--- START ---

(* Let $d\geq 1$ and let $F\in C^1(\mathbb{R}^d)^d$ satisfy $F(x+k)=F(x)+k$ for all $k\in\mathbb{Z}^d$ and $x\in\mathbb{R}^d$. Suppose there exists a $\mathbb{Z}^d$-periodic vector field $b\in C^1(\mathbb{R}^d)^d$ such that $F=X(1,\cdot)$, where $X$ is the flow of $b$. Then $$(\nabla F(x))\,b(x)=b(F(x))\quad\text{for all }x\in\mathbb{R}^d .$$ Moreover, for every $a\in\mathbb{R}^d$ such that $F(a)-a\in\mathbb{Z}^d$ and $\det(\nabla F(a)-I_d)\neq 0$, one has $b(a)=0_{\mathbb{R}^d}$.
   Context: For a $\mathbb{Z}^d$-periodic $b\in C^1(\mathbb{R}^d)^d$, the flow $X:\mathbb{R}\times\mathbb{R}^d\to\mathbb{R}^d$ is defined by $\partial_t X(t,x)=b(X(t,x))$, $X(0,x)=x$. $\nabla F$ denotes the Jacobian matrix of $F$ and $I_d$ the identity matrix. *)

From HB Require Import structures.
From mathcomp Require Import all_boot all_order all_algebra.
From mathcomp Require Import all_classical all_reals all_analysis.
Set Implicit Arguments. Unset Strict Implicit. Unset Printing Implicit Defensive.
Import Order.TTheory GRing.Theory Num.Theory.
Import numFieldNormedType.Exports.
Local Open Scope ring_scope.

(* We use the library Jacobian derive.jacobian f p := lin1_mx ('d f p),
   which is the row-vector convention: v *m jacobian f p = 'd f p v,
   i.e. it is the transpose of the textbook matrix (dF_i/dx_j). *)

Definition C1 (R : realType) (d : nat) (F : 'rV[R]_d -> 'rV[R]_d) : Prop :=
  (forall x, differentiable F x) /\ continuous (jacobian F).

Definition zvec (R : realType) (d : nat) (k : 'rV[int]_d) : 'rV[R]_d :=
  map_mx (fun z : int => z%:~R) k.

Definition Zd_periodic (R : realType) (d : nat) (b : 'rV[R]_d -> 'rV[R]_d) :=
  forall (k : 'rV[int]_d) (x : 'rV[R]_d), b (x + zvec R k) = b x.

Definition is_flow (R : realType) (d : nat) (b : 'rV[R]_d -> 'rV[R]_d)
  (X : R -> 'rV[R]_d -> 'rV[R]_d) : Prop :=
  (forall x, X 0 x = x) /\
  (forall (t : R) (x : 'rV[R]_d), is_derive t 1 (fun s => X s x) (b (X t x))).

(* Since the time-1 map of the flow commutes with the flow,
   F (X s x) = X (s + 1) x; differentiating at s = 0 gives
   b x * DF(x) = b (F x).  The commutation X 1 (X s x) = X (1 + s) x comes
   from uniqueness of solutions of y' = b y: b is C^1, hence Lipschitz on
   balls, and if |y' - z'| <= L |y - z| then, on an interval of length δ with
   L δ < 1 starting where y = z, the maximum m of |y - z| satisfies
   m <= L δ m, so m = 0.
   At a point with F a = a + k, k in Z^d, periodicity of b turns the identity
   into b a * (DF(a) - I) = 0, and invertibility of DF(a) - I gives b a = 0. *)

From HB Require Import structures.
From mathcomp Require Import all_boot all_order all_algebra.
From mathcomp Require Import all_classical all_reals all_analysis.
From mathcomp Require Import lra.
Set Implicit Arguments. Unset Strict Implicit. Unset Printing Implicit Defensive.
Import Order.TTheory GRing.Theory Num.Theory.
Import numFieldNormedType.Exports.
Local Open Scope ring_scope.
Local Open Scope classical_set_scope.

Section MatrixNorm.
Variable R : realType.

Lemma normr_mx_entry_le m n (A : 'M[R]_(m, n)) i j : `|A i j| <= `|A|.
Proof.
rewrite [leRHS]/Num.norm /= mx_normrE.
by apply/bigmax_geP; right => /=; exists (i, j).
Qed.

Lemma normr_mx_le m n (A : 'M[R]_(m, n)) c :
  0 <= c -> (forall i j, `|A i j| <= c) -> `|A| <= c.
Proof.
move=> c0 Ac; rewrite [leLHS]/Num.norm /= mx_normrE.
by apply: bigmax_le => // -[i j] _; exact: Ac.
Qed.

Lemma normr_mulmx_le m n p (A : 'M[R]_(m, n)) (B : 'M[R]_(n, p)) :
  `|A *m B| <= n%:R * (`|A| * `|B|).
Proof.
apply: normr_mx_le => [|i j]; first by rewrite !mulr_ge0.
rewrite mxE; apply: le_trans (ler_norm_sum _ _ _) _.
have -> : n%:R * (`|A| * `|B|) = \sum_(k < n) `|A| * `|B|.
  by rewrite sumr_const card_ord mulr_natl.
apply: ler_sum => k _.
by rewrite normrM ler_pM ?normr_mx_entry_le.
Qed.

End MatrixNorm.

Lemma fixed_row_eq0 (K : fieldType) n (v : 'rV[K]_n) (A : 'M[K]_n) :
  v *m A = v -> \det (A - 1%:M) != 0 -> v = 0.
Proof.
move=> vA det_ne0; apply/eqP.
have /mulmx_free_eq0 <- : row_free (A - 1%:M) by rewrite row_free_unit unitmxE unitfE.
by rewrite mulmxBr mulmx1 vA subrr.
Qed.

Section CurveDerivatives.
Variable R : realType.

Lemma is_derive_comp_diff (V W : normedModType R) (f : R -> V) (g : V -> W)
    (t : R) (df : V) :
  is_derive t 1 f df -> differentiable g (f t) ->
  is_derive t 1 (g \o f) ('d g (f t) df).
Proof.
move=> [f_derivable <-] g_diff.
have f_diff : differentiable f t by apply/derivable1_diffP.
have gf_diff : differentiable (g \o f) t by apply: differentiable_comp.
apply: DeriveDef; first by apply/derivable1_diffP.
by rewrite (deriveE _ gf_diff) (deriveE _ f_diff) diff_comp.
Qed.

Lemma is_derive_comp_jacobian m n (f : R -> 'rV[R]_m) (g : 'rV[R]_m -> 'rV[R]_n)
    (t : R) (df : 'rV[R]_m) :
  is_derive t 1 f df -> differentiable g (f t) ->
  is_derive t 1 (g \o f) (df *m jacobian g (f t)).
Proof.
by move=> f_derive /(is_derive_comp_diff f_derive); rewrite /jacobian mul_rV_lin1.
Qed.

Lemma diff_mx_entry m n (M v : 'M[R]_(m, n)) i j :
  'd (fun N : 'M[R]_(m, n) => N i j) M v = v i j.
Proof.
have @entry : {linear 'M[R]_(m, n) -> R}.
  by exists (fun N : 'M[R]_(_, _) => N i j); do 2![eexists]; do ?[constructor];
     rewrite ?mxE// => ? *; rewrite ?mxE//; move=> ?; rewrite !mxE.
by rewrite (_ : (fun _ => _) = entry) // diff_lin //; exact: coord_continuous.
Qed.

Lemma is_derive_mx_entry m n (f : R -> 'M[R]_(m, n)) (t : R) df i j :
  is_derive t 1 f df -> is_derive t 1 (fun s => f s i j) (df i j).
Proof.
move=> f_derive; have := is_derive_comp_diff f_derive (differentiable_coord (f t) i j).
by rewrite diff_mx_entry.
Qed.

Lemma is_derive_shift_comp (V : normedModType R) (g : R -> V) (c t : R) (dg : V) :
  is_derive (t + c) 1 g dg -> is_derive t 1 (fun u => g (u + c)) dg.
Proof.
move=> [/derivable1_diffP g_diff <-].
have := is_derive_comp_diff (@is_derive_shift R t 1 c) g_diff.
by rewrite -deriveE.
Qed.

Lemma is_derive_segment n (p v : 'rV[R]_n) (t : R) :
  is_derive t 1 (fun s : R => p + s *: v) v.
Proof.
have scale_derive : is_derive t 1 ( *:%R^~ v : R -> 'rV[R]_n) v.
  apply: DeriveDef; first exact: diff_derivable.
  by rewrite deriveE // diff_val scale1r.
by have := is_deriveD (is_derive_cst p t 1) scale_derive; rewrite add0r.
Qed.

Lemma normr_sub_le_derive m n (f df : R -> 'M[R]_(m, n)) (a c K : R) :
  a <= c -> {in `[a, c]%R, forall s : R, is_derive s 1 f (df s)} ->
  {in `[a, c]%R, forall s, `|df s| <= K} ->
  `|f c - f a| <= K * (c - a).
Proof.
move=> ac f_derive df_le.
have aI : a \in `[a, c]%R by rewrite in_itv /= lexx ac.
have K0 : 0 <= K := le_trans (normr_ge0 _) (df_le a aI).
apply: normr_mx_le => [|i j]; first by rewrite mulr_ge0 ?subr_ge0.
pose phi s := f s i j.
have phi_derive s : s \in `[a, c]%R -> is_derive s 1 phi (df s i j).
  by move=> /f_derive; exact: is_derive_mx_entry.
have phi_cont : {within `[a, c], continuous phi}.
  by apply: derivable_within_continuous => s /phi_derive [].
have [xi xiI MVT_eq] := @MVT_segment _ phi (fun s => df s i j) a c ac
  (fun s sI => phi_derive s (subset_itv_oo_cc sI)) phi_cont.
rewrite !mxE -/(phi c) -/(phi a) MVT_eq normrM [`|c - a|]ger0_norm ?subr_ge0 //.
rewrite ler_wpM2r ?subr_ge0 //.
exact: le_trans (normr_mx_entry_le _ _ _) (df_le _ xiI).
Qed.

End CurveDerivatives.

Section C1Lipschitz.
Variables (R : realType) (n : nat).

Lemma compact_norm_le (M : R) : compact [set p : 'rV[R]_n | `|p| <= M].
Proof.
apply: bounded_closed_compact.
  exists M; split; first exact: num_real.
  by move=> r Mr p /= pM; exact: le_trans pM (ltW Mr).
rewrite -[X in closed X]/(Num.norm @^-1` [set x : R | x <= M]).
apply: (preimage_closed _ (@closed_le _ M)) => p _.
exact: norm_continuous.
Qed.

Lemma C1_lipschitz_on_balls (b : 'rV[R]_n -> 'rV[R]_n) : C1 b ->
  forall M : R, exists2 L : R, 0 <= L & L.-lipschitz_[set p | `|p| <= M] b.
Proof.
move=> [b_diff Jb_cont] M.
have [M0|M0] := ltP M 0.
  exists 0 => // -[p q] [/= pM _].
  by have := le_lt_trans (normr_ge0 p) (le_lt_trans pM M0); rewrite ltxx.
set A := [set p : 'rV[R]_n | `|p| <= M].
have A0 : A !=set0 by exists 0; rewrite /A /= normr0.
have Jb_norm_cont : {within A, continuous (fun p => `|jacobian b p|)}.
  apply: continuous_subspaceT => p.
  by apply: continuous_comp; [exact: Jb_cont | exact: norm_continuous].
have [c _ Jb_max] := EVT_max_rV A0 (@compact_norm_le M) Jb_norm_cont.
set J := `|jacobian b c|.
exists (n%:R * J); first by rewrite mulr_ge0 ?ler0n ?normr_ge0.
move=> [p q] [/= pA qA].
pose seg s := q + s *: (p - q).
have segA s : s \in `[0, 1]%R -> A (seg s).
  move=> sI; have [s0 s1] : 0 <= s /\ s <= 1 by rewrite !(itvP sI).
  have -> : seg s = (1 - s) *: q + s *: p.
    by rewrite /seg scalerBr scalerBl scale1r addrAC addrA.
  apply: le_trans (ler_normD _ _) _; rewrite !normrZ !ger0_norm ?subr_ge0 //.
  have -> : M = (1 - s) * M + s * M by rewrite mulrBl mul1r subrK.
  by apply: lerD; apply: ler_wpM2l; rewrite ?subr_ge0.
have := @normr_sub_le_derive _ _ _ (b \o seg) (fun s => (p - q) *m jacobian b (seg s))
  0 1 (n%:R * J * `|p - q|) ler01.
rewrite /= /seg scale1r scale0r addr0 [q + _]addrC subrK subr0 mulr1; apply.
  by move=> s _; apply: is_derive_comp_jacobian; [exact: is_derive_segment | exact: b_diff].
move=> s sI; apply: le_trans (normr_mulmx_le _ _) _.
rewrite -mulrA; apply: ler_wpM2l; first exact: ler0n.
rewrite [leLHS]mulrC; apply: ler_wpM2r; first exact: normr_ge0.
exact: (Jb_max _ (mem_set (segA s sI))).
Qed.
End C1Lipschitz.

Section ODEUniqueness.
Variable R : realType.

Lemma eq0_of_normr_derive_le m n (D dD : R -> 'M[R]_(m, n)) (a t L : R) :
  a <= t -> 0 <= L -> L * (t - a) < 1 ->
  {in `[a, t]%R, forall s : R, is_derive s 1 D (dD s)} ->
  {in `[a, t]%R, forall s, `|dD s| <= L * `|D s|} ->
  D a = 0 -> D t = 0.
Proof.
move=> at_ L0 Lt D_derive dD_le Da.
have normD_cont : {within `[a, t], continuous (fun s => `|D s|)}.
  apply: within_continuous_comp; first by move=> ? _; exact: norm_continuous.
  by apply: derivable_within_continuous => s /D_derive [].
have [c cI normD_max] := EVT_max at_ normD_cont.
set Dmax := `|D c|.
have [ac ct] : a <= c /\ c <= t by rewrite !(itvP cI).
have sub_at s : s \in `[a, c]%R -> s \in `[a, t]%R.
  move=> sI; have sc : s <= c by rewrite (itvP sI).
  by rewrite in_itv /= (itvP sI) (le_trans sc ct).
have Dmax_le : Dmax <= L * Dmax * (t - a).
  have dD_le_max s : s \in `[a, c]%R -> `|dD s| <= L * Dmax.
    move=> /sub_at sI; apply: le_trans (dD_le s sI) _.
    by rewrite ler_wpM2l // normD_max.
  have := normr_sub_le_derive ac (fun s sI => D_derive s (sub_at s sI)) dD_le_max.
  rewrite Da subr0 => /le_trans; apply.
  by apply: ler_wpM2l; [rewrite mulr_ge0 ?normr_ge0 | rewrite lerD2r].
have Dmax0 : 0 <= Dmax := normr_ge0 _.
have : `|D t| <= 0.
  apply: le_trans (normD_max t _) _; first by rewrite in_itv /= at_ lexx.
  by rewrite -/Dmax; nra.
by rewrite normr_le0 => /eqP.
Qed.

Variables (n : nat) (b : 'rV[R]_n -> 'rV[R]_n).
Hypothesis b_lipschitz :
  forall M : R, exists2 L : R, 0 <= L & L.-lipschitz_[set p | `|p| <= M] b.

Lemma ode_solution_unique (y z : R -> 'rV[R]_n) (T : R) :
  (forall t : R, is_derive t 1 y (b (y t))) ->
  (forall t : R, is_derive t 1 z (b (z t))) ->
  y 0 = z 0 -> 0 <= T -> y T = z T.
Proof.
move=> y_derive z_derive yz0 T0.
have y_cont : continuous y.
  by move=> t; case: (y_derive t) => /derivable1_diffP/differentiable_continuous.
have z_cont : continuous z.
  by move=> t; case: (z_derive t) => /derivable1_diffP/differentiable_continuous.
have yz_cont : {within `[0, T], continuous (fun t => `|y t| + `|z t|)}.
  apply: continuous_subspaceT => t; apply: cvgD.
    by apply: continuous_comp; [exact: y_cont | exact: norm_continuous].
  by apply: continuous_comp; [exact: z_cont | exact: norm_continuous].
have [c _ yz_max] := EVT_max T0 yz_cont.
set M := `|y c| + `|z c|.
have [L L0 b_lip] := b_lipschitz M.
pose D t := y t - z t.
have D_derive (t : R) : is_derive t 1 D (b (y t) - b (z t)) by apply: is_deriveB.
have dD_le t : t \in `[0, T]%R -> `|b (y t) - b (z t)| <= L * `|D t|.
  move=> /yz_max tM; apply: (b_lip (y t, z t)); split => /=; apply: le_trans tM.
    by rewrite lerDl normr_ge0.
  by rewrite lerDr normr_ge0.
pose del := (2 * (L + 1))^-1.
have del0 : 0 < del by rewrite invr_gt0; lra.
have Ldel : L * del < 1 by rewrite ltr_pdivrMr ?mul1r; lra.
have D0 (k : nat) t : t \in `[0, T]%R -> t <= k%:R * del -> D t = 0.
  elim: k t => [|k IH] t tI tk.
    rewrite mul0r in tk; have -> : t = 0 by apply: le_anti; rewrite tk (itvP tI).
    by rewrite /D yz0 subrr.
  set a := k%:R * del.
  have [ta|at_] := leP t a; first exact: IH.
  have a0 : 0 <= a by rewrite mulr_ge0 // ltW.
  have sub_0T s : s \in `[a, t]%R -> s \in `[0, T]%R.
    move=> sI; have [as_ st] : a <= s /\ s <= t by rewrite !(itvP sI).
    by rewrite in_itv /= (le_trans a0 as_) (le_trans st) ?(itvP tI).
  apply: (@eq0_of_normr_derive_le _ _ D (fun s => b (y s) - b (z s)) a t L).
  - exact: ltW.
  - exact: L0.
  - apply: le_lt_trans Ldel; rewrite ler_wpM2l // lerBlDl.
    by rewrite -natr1 mulrDl mul1r in tk.
  - by move=> s _; exact: D_derive.
  - by move=> s /sub_0T; exact: dD_le.
  - by apply: IH => //; apply: sub_0T; rewrite in_itv /= lexx ltW.
pose k := (Num.truncn (T * (2 * (L + 1)))).+1.
have Tk : T <= k%:R * del.
  rewrite ler_pdivlMr; first exact: ltW (truncnS_gt _).
  lra.
by apply/eqP; rewrite -subr_eq0; apply/eqP/(D0 k); rewrite // in_itv /= T0 lexx.
Qed.

End ODEUniqueness.

Section Flow.
Variables (R : realType) (d : nat) (b : 'rV[R]_d -> 'rV[R]_d).
Variable X : R -> 'rV[R]_d -> 'rV[R]_d.
Hypotheses (b_C1 : C1 b) (X_flow : is_flow b X).

Lemma flowD (s t : R) x : 0 <= t -> X t (X s x) = X (t + s) x.
Proof.
have [X0 X_derive] := X_flow.
move=> t0; apply: esym.
apply: (@ode_solution_unique _ _ _ (C1_lipschitz_on_balls b_C1)
  (fun u => X (u + s) x) (fun u => X u (X s x))) => //.
- by move=> u; apply: is_derive_shift_comp; exact: X_derive.
- by rewrite add0r X0.
Qed.

Lemma flow1_jacobian (F : 'rV[R]_d -> 'rV[R]_d) :
  (forall x, differentiable F x) -> (forall x, F x = X 1 x) ->
  forall x, b x *m jacobian F x = b (F x).
Proof.
move=> F_diff FX x; have [X0 X_derive] := X_flow.
have FXx_derive := is_derive_comp_jacobian (X_derive 0 x) (F_diff (X 0 x)).
have FX_shift : F \o X^~ x = fun s => X (s + 1) x.
  by apply/funext => s /=; rewrite FX flowD // addrC.
have shift_derive := is_derive_shift_comp (X_derive (0 + 1) x).
rewrite add0r in shift_derive; rewrite FX_shift X0 in FXx_derive.
by case: FXx_derive => _ <-; case: shift_derive => _ ->; rewrite FX.
Qed.

End Flow.

Unset Implicit Arguments.

Theorem proposition2p1 (R : realType) (d : nat) (hd : (1 <= d)%N)
  (F : 'rV[R]_d -> 'rV[R]_d)
  (hF : C1 F)
  (hFper : forall (k : 'rV[int]_d) (x : 'rV[R]_d), F (x + zvec R k) = F x + zvec R k)
  (b : 'rV[R]_d -> 'rV[R]_d) (hb : C1 b) (hbper : Zd_periodic b)
  (X : R -> 'rV[R]_d -> 'rV[R]_d) (hX : is_flow b X)
  (hFX : forall x, F x = X 1 x) :
  (forall x : 'rV[R]_d, b x *m jacobian F x = b (F x)) /\
  (forall a : 'rV[R]_d,
     (exists k : 'rV[int]_d, F a - a = zvec R k) ->
     \det (jacobian F a - 1%:M) != 0 ->
     b a = 0).
Proof.
have b_jacobian := flow1_jacobian hb hX hF.1 hFX.
split=> // a [k Fa] det_ne0; apply: fixed_row_eq0 det_ne0.
by rewrite b_jacobian -[F a](subrK a) Fa addrC hbper.
Qed.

--- END ---

## Exercise:
Look above for the line holding "(fun u => X (u" and the line holding "have shift_derive := is_derive_shift_comp". Retype both, and every line between them, word for word and nothing else.

## Result of the exercise:
  (fun u => X (u + s) x) (fun u => X u (X s x))) => //.
- by move=> u; apply: is_derive_shift_comp; exact: X_derive.
- by rewrite add0r X0.
Qed.

Lemma flow1_jacobian (F : 'rV[R]_d -> 'rV[R]_d) :
  (forall x, differentiable F x) -> (forall x, F x = X 1 x) ->
  forall x, b x *m jacobian F x = b (F x).
Proof.
move=> F_diff FX x; have [X0 X_derive] := X_flow.
have FXx_derive := is_derive_comp_jacobian (X_derive 0 x) (F_diff (X 0 x)).
have FX_shift : F \o X^~ x = fun s => X (s + 1) x.
  by apply/funext => s /=; rewrite FX flowD // addrC.
have shift_derive := is_derive_shift_comp (X_derive (0 + 1) x).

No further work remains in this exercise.